In 2011 and 2013, Tea Partiers bet big that Democrats, unwilling visit that kind of harm on the American people, would cave in to extraordinary demands as a condition for new debt. In 2015, with a Presidential election in the offing, the stakes are higher. Frighteningly so, because this time around it would actually be politically rational for Republicans to pull the rip cord on calamity.
We’ve been to this dance so many times since 1994, it’s begun to feel routine. Each time the GOP shuts down the government or takes America to the brink of default, it takes a beating in the polls, losing the public relations battle despite its very best spin doctoring. By the time of the next election, though, voters have moved on to other things.
It happened in 2013, when the Republicans did both in one month and still won big in the 2014 elections. We voters are fickle creatures. It takes something on the order of the Iraq War to make an issue stick long-term, and even then only when it manages to stay in the headlines.
A sabotaged economy certainly would stay relevant, but not the mess that caused it. That would fade into the background against the drumbeat of bad news: return to recession, high unemployment numbers, hemorrhaging retirement accounts and all on Obama’s watch.
Presidents get the blame when the economy turns south, fair or not. Happy voters tend to stick with the status quo; unhappy ones throw the bums out. For Republicans hoping to take back the White House after eight years of Democratic rule, a rocky economy would be just the thing to shore up their electoral bid, especially after a difficult primary).
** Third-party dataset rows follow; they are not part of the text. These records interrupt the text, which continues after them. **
Lemma normG_bounds n d j i : (2 * d + 1 <= n)%N -> (i <= d)%N -> (j <= d)%N ->
  `|G n d j i| <= term n d j i (top d j i) /\
  term n d j i (top d j i)
    - (if (i - j < top d j i)%N then term n d j i (top d j i).-1 else 0) <= `|G n d j i|.
Proof.
move=> n_ge le_id le_jd.
have le_lo_top : (i - j <= top d j i)%N by rewrite /top; lia.
have mono h : (i - j <= h < top d j i)%N -> term n d j i h <= term n d j i h.+1.
  by move=> /andP[lo_h h_top]; apply: term_mono => //; rewrite /top in h_top; lia.
have [A_ge0 A_le A_ge] := @alternating_sum_bounds _ (term n d j i) _ _ le_lo_top
  (fun h => ltW (term_gt0 n d j i h)) mono.
rewrite G_alternating.
set A := \sum_(i - j <= h < (top d j i).+1) _ in A_ge0 A_le A_ge.
have -> : \sum_(i - j <= h < (top d j i).+1) (-1) ^+ (i - h) * term n d j i h
    = (-1) ^+ (i - top d j i) * A.
  rewrite /A big_distrr /=; apply: eq_big_nat => h /andP[_ h_top].
  by rewrite mulrA -exprD; congr ((-1) ^+ _ * _); rewrite /top in h_top *; lia.
by rewrite normrM normr_sign mul1r ger0_norm.
Qed.

(* Case i + j < d: the top summands are the diagonal ones, T_{i+1}(i+1) and T_i(i). *)
Lemma term_diag_succ n d j i : (i + j < d)%N -> (i < n - d)%N ->
  term n d j i.+1 i.+1 * (pow2 (d - i) - 1) = term n d j i i * (pow2 (d - i - j) - 1).
Proof.
move=> lt_ijd lt_i_nd.
have rec := @gbinSl (d - i.+1) j ltac:(lia).
rewrite (_ : ((d - i.+1).+1 = d - i)%N) in rec; last lia.
rewrite /term !subnn !gbinnn !addnK (_ : (n - d - i.+1 + i.+1 = n - d - i + i)%N); last lia.
transitivity ((q ^ (j * j + 'C(0, 2)))%:R * 1 * (gbin (d - i.+1) j * (pow2 (d - i) - 1))
   * gbin (n - d - i + i) (n - d - j)); first ring.
by rewrite -rec; ring.
Qed.

Lemma term_subdiag n d j h : (1 <= j)%N -> (h.+1 + j < d)%N -> (2 * d + 1 <= n)%N ->
  term n d j h.+1 h * (pow2 j * (2 * pow2 (d - h.+1 - j) - 1) * (pow2 (n - d) - 1))
  = term n d j h.+1 h.+1
    * ((pow2 h.+1 - 1) * (2 * pow2 (d - h.+1 - j) * pow2 j - 1) * (pow2 j - 1)).
Proof.
move=> j_ge1 lt_hjd n_ge.
have := @term_succ_ratio n d j h.+1 h ltac:(lia) (ltnSn h) ltac:(lia) ltac:(lia) ltac:(lia).
rewrite subnn (_ : (j + h.+1 - h.+1 = j)%N); last lia.
rewrite (_ : (h.+1 - h = 1)%N); last lia.
rewrite (_ : (n - d - h.+1 + h.+1 = n - d)%N); last lia.
have pow_dh : pow2 (d - h) = 2 * pow2 (d - h.+1 - j) * pow2 j.
  by rewrite -pow2S -pow2D; congr (_ ^ _)%:R; lia.
have pow_dhj : pow2 (d - h - j) = 2 * pow2 (d - h.+1 - j) by rewrite -pow2S; congr (_ ^ _)%:R; lia.
rewrite pow_dh pow_dhj => ratio.
by symmetry; apply: eq_trans (eq_trans ratio _); rewrite ?pow2_0 ?pow2_1; ring.
Qed.

(* Case i + j >= d: the top summands are T_{i+1}(d-j) and T_i(d-j). *)
Lemma term_top_succ n d j i : (d <= i + j)%N -> (i < d)%N -> (j <= d)%N -> (2 * d + 1 <= n)%N ->
  term n d j i.+1 (d - j)
    * (pow2 (i + j - d) * pow2 (d - i) * (2 * pow2 (i + j - d) - 1) * (pow2 (n - i - j) - 1))
  = term n d j i (d - j)
    * (pow2 (i + j - d) * (2 * pow2 (i + j - d) * pow2 (d - j) - 1) * (pow2 (d - i) - 1)).
Proof.
move=> le_dij lt_id le_jd n_ge.
set m := (i + j - d)%N.
have power : (q ^ (j * (j + (d - j) - i.+1) + 'C(i.+1 - (d - j), 2)))%:R * pow2 j
           = (q ^ (j * (j + (d - j) - i) + 'C(i - (d - j), 2)))%:R * pow2 m.
  rewrite -!natrM -!expnD; congr (_ ^ _)%:R.
  set u := (d - i.+1)%N.
  rewrite (_ : (j + (d - j) - i.+1 = u)%N); last by rewrite /u; lia.
  rewrite (_ : (j + (d - j) - i = u.+1)%N); last by rewrite /u; lia.
  rewrite (_ : (i.+1 - (d - j) = m.+1)%N); last by rewrite /m; lia.
  rewrite (_ : (i - (d - j) = m)%N); last by rewrite /m; lia.
  by rewrite binS bin1 mulnS; ring.
have rec1 := @gbinSl i (d - j) ltac:(lia).
rewrite (_ : (i.+1 - (d - j) = m.+1)%N) in rec1; last by rewrite /m; lia.
have rec3 := @gbinSl (n - d - i.+1 + (d - j)) (n - d - j) ltac:(lia).
rewrite (_ : ((n - d - i.+1 + (d - j)).+1 = n - d - i + (d - j))%N) in rec3; last lia.
rewrite (_ : ((n - d - i + (d - j)) - (n - d - j) = d - i)%N) in rec3; last lia.
have ratio : term n d j i.+1 (d - j)
      * (pow2 j * (pow2 m.+1 - 1) * (pow2 (n - d - i + (d - j)) - 1))
    = term n d j i (d - j) * (pow2 m * (pow2 i.+1 - 1) * (pow2 (d - i) - 1)).
  rewrite /term.
  transitivity ((q ^ (j * (j + (d - j) - i.+1) + 'C(i.+1 - (d - j), 2)))%:R * pow2 j
     * (gbin i.+1 (d - j) * (pow2 m.+1 - 1)) * gbin (d - (d - j)) j
     * (gbin (n - d - i.+1 + (d - j)) (n - d - j) * (pow2 (n - d - i + (d - j)) - 1)));
    first ring.
  by rewrite power rec1 -rec3; ring.
have pow_j : pow2 j = pow2 m * pow2 (d - i) by rewrite -pow2D /m; congr (_ ^ _)%:R; lia.
have pow_i : pow2 i.+1 = 2 * pow2 m * pow2 (d - j).
  by rewrite -pow2S -pow2D /m; congr (_ ^ _)%:R; lia.
rewrite pow_j pow_i pow2S (_ : (n - d - i + (d - j) = n - i - j)%N) in ratio; last lia.
by apply: eq_trans (eq_trans ratio _); ring.
Qed.

Lemma term_below_top n d j i p : (d <= i + j)%N -> (i < d)%N -> (d - j = p.+1)%N ->
  (2 * d + 1 <= n)%N ->
  term n d j i p
    * (pow2 (i + j - d) * pow2 (d - i) * (2 * pow2 (i + j - d) - 1) * (pow2 (n - i - j) - 1))
  = term n d j i (d - j) * (pow2 (i + j - d) * (pow2 (d - j) - 1)
      * (2 * pow2 (i + j - d) * pow2 (d - i) - 1) * (pow2 (d - i) - 1)).
Proof.
move=> le_dij lt_id djp n_ge.
have := @term_succ_ratio n d j i p ltac:(lia) ltac:(lia) ltac:(lia) ltac:(lia) ltac:(lia).
rewrite -djp.
set m := (i + j - d)%N.
have pow_j : pow2 j = pow2 m * pow2 (d - i) by rewrite -pow2D /m; congr (_ ^ _)%:R; lia.
have pow_ip : pow2 (i - p) = 2 * pow2 m by rewrite -pow2S /m; congr (_ ^ _)%:R; lia.
have pow_dp : pow2 (d - p) = 2 * pow2 m * pow2 (d - i).
  by rewrite -pow2S -pow2D /m; congr (_ ^ _)%:R; lia.
rewrite (_ : (i - (d - j) = m)%N); last by rewrite /m; lia.
rewrite (_ : (j + (d - j) - i = d - i)%N); last lia.
rewrite (_ : (d - p - j = 1)%N); last lia.
rewrite (_ : (n - d - i + (d - j) = n - i - j)%N); last lia.
rewrite pow_j pow_ip pow_dp => ratio.
by symmetry; apply: eq_trans (eq_trans ratio _); rewrite ?pow2_0 ?pow2_1; ring.
Qed.

Lemma diag_succ_lt_half n d j i : (1 <= j)%N -> (i + j < d)%N -> (2 * d + 1 <= n)%N ->
  2 * term n d j i.+1 i.+1 < term n d j i i.
Proof.
move=> j_ge1 lt_ijd n_ge.
set A := pow2 (d - i - j); set J := pow2 j.
have A_ge2 : 2 <= A by apply: pow2_ge2; lia.
have J_ge2 : 2 <= J by exact: pow2_ge2.
have pow_di : pow2 (d - i) = A * J by rewrite -pow2D; congr (_ ^ _)%:R; lia.
apply: (@lt_of_ratio _ _ _ (A * J - 1) (2 * (A - 1))).
- exact: term_gt0.
- by nra.
- rewrite -mulrA -pow_di (@term_diag_succ n d j i lt_ijd); last lia.
  by rewrite mulrCA.
- exact: top_ratio_lt_half.
Qed.

Lemma subdiag_le_half n d j h : (1 <= j)%N -> (h.+1 + j < d)%N -> (2 * d + 1 <= n)%N ->
  2 * term n d j h.+1 h <= term n d j h.+1 h.+1.
Proof.
move=> j_ge1 lt_hjd n_ge.
set A := pow2 (d - h.+1 - j); set J := pow2 j; set I := pow2 h.+1; set N := pow2 (n - d).
have A_ge2 : 2 <= A by apply: pow2_ge2; lia.
have N_ge : 2 * I * J * A <= N by rewrite -pow2_1 -!pow2D pow2_le //; lia.
apply: (@le_of_ratio _ _ _ (J * (2 * A - 1) * (N - 1))
          (2 * ((I - 1) * (2 * A * J - 1) * (J - 1)))).
- exact/ltW/term_gt0.
- by rewrite !mulr_gt0 ?pow2B1_gt0 ?pow2_gt0 //; [lra | lia].
- transitivity (2 * (term n d j h.+1 h * (J * (2 * A - 1) * (N - 1)))); first ring.
  by rewrite /A /J /N /I term_subdiag //; ring.
- by apply: below_ratio_le_half => //; rewrite ?pow2_ge1 ?pow2_ge2.
Qed.

Lemma decrease_small_i n d j i : (2 * d + 1 <= n)%N -> (1 <= j)%N -> (i + j < d)%N ->
  term n d j i.+1 i.+1 + (if (0 < i)%N then term n d j i i.-1 else 0) < term n d j i i.
Proof.
move=> n_ge j_ge1 lt_ijd.
have top_lt := @diag_succ_lt_half n d j i j_ge1 lt_ijd n_ge.
case: i lt_ijd top_lt => [|h] lt_hjd top_lt /=.
  by have := term_gt0 n d j 1 1; rewrite addr0; lra.
by have := @subdiag_le_half n d j h j_ge1 lt_hjd n_ge; lra.
Qed.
For a party that has made clear that “the single most important thing we want to achieve” (Mitch McConnell, 2010) is defeating Obama, the political calculus of a bad economy in 2016 is a frighteningly rational option.
Or maybe not. As Shulman reiterated, voters do properly appoint blame when conservatives shut down the government.
“They can’t win the PR battle,” he said. “If anything happens, the government shuts down or we run out the debt limit, the Republicans get blamed.”
Maybe. But a plan doesn’t need to be foolproof to sound appealing, especially to legislators borderline desperate for the Oval Office. It might reasonably work, and that’s enough to make it a politically rational choice for the opposition.
Like we said, the debt ceiling is back. This time it’s scary.